▶ [Task directions] Count the lines in the data below holding the string "Hlen" and write the total by itself.

(Collected data)
-- -- --

Lemma dec_index_onto j : x j <> C0 -> exists n, dec_index x n = j.
Proof.
  intro Hj; apply Cmod_pos in Hj; apply NNPP; intro Hmiss.
  assert (Hbelow : forall n, Cmod (x j) <= Cmod (x (dec_index x n))).
  { intro n; apply dec_index_max; rewrite In_largest_indices; intros [i [_ Hi]]; eauto. }
  destruct (c0_eventually_lt _ Hj) as [N HN].
  assert (Hincl : incl (largest_indices x (S N)) (seq 0 N)).
  { intros e He; apply In_largest_indices in He as [i [_ <-]]; apply in_seq.
    destruct (Compare_dec.lt_dec (dec_index x i) N); [lia|].
    specialize (HN (dec_index x i) ltac:(lia)); specialize (Hbelow i); lra. }
  pose proof (NoDup_incl_length (NoDup_largest_indices (S N)) Hincl) as Hlen.
  rewrite length_largest_indices, length_seq in Hlen; lia.
Qed.

Lemma dec_index_rank j : x j <> C0 -> dec_index x (dec_rank x j) = j.
Proof. intro Hj; unfold dec_rank; apply epsilon_spec, dec_index_onto, Hj. Qed.

Lemma dec_rank_index n : dec_rank x (dec_index x n) = n.
Proof.
  apply dec_index_inj; unfold dec_rank.
  apply (epsilon_spec (inhabits 0%nat) (fun m => dec_index x m = dec_index x n)); eauto.
Qed.

End DecreasingEnumeration.

Lemma dec_index_le f g : is_c0 f -> is_c0 g -> mu_le f g ->
  forall n, Cmod (f (dec_index f n)) <= Cmod (g (dec_index g n)).
Proof.
  intros Hf Hg Hfg n; apply Rnot_lt_le; intro Hlt.
  set (s := Cmod (g (dec_index g n))) in Hlt.
  assert (Hgs : dist_le g s n).
  { exists (largest_indices g n); rewrite length_largest_indices; split; auto.
    intros k Hk; apply NNPP; intro Hout; pose proof (dec_index_max g Hg n k Hout).
    unfold s in Hk; lra. }
  destruct (dist_le_of_mu_le f g s ((s + Cmod (f (dec_index f n))) / 2) n Hfg (Cmod_ge0 _) Hgs)
    as [L [HL HinL]]; [lra|].
  assert (Hincl : incl (largest_indices f (S n)) L).
  { intros e He; apply In_largest_indices in He as [i [Hi <-]]; apply HinL.
    pose proof (dec_index_antitone f Hf i n ltac:(lia)); lra. }
  pose proof (NoDup_incl_length (NoDup_largest_indices f Hf (S n)) Hincl) as Hlen.
  rewrite length_largest_indices in Hlen; lia.
Qed.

-- -- --

▶ [Answer to this exercise] 4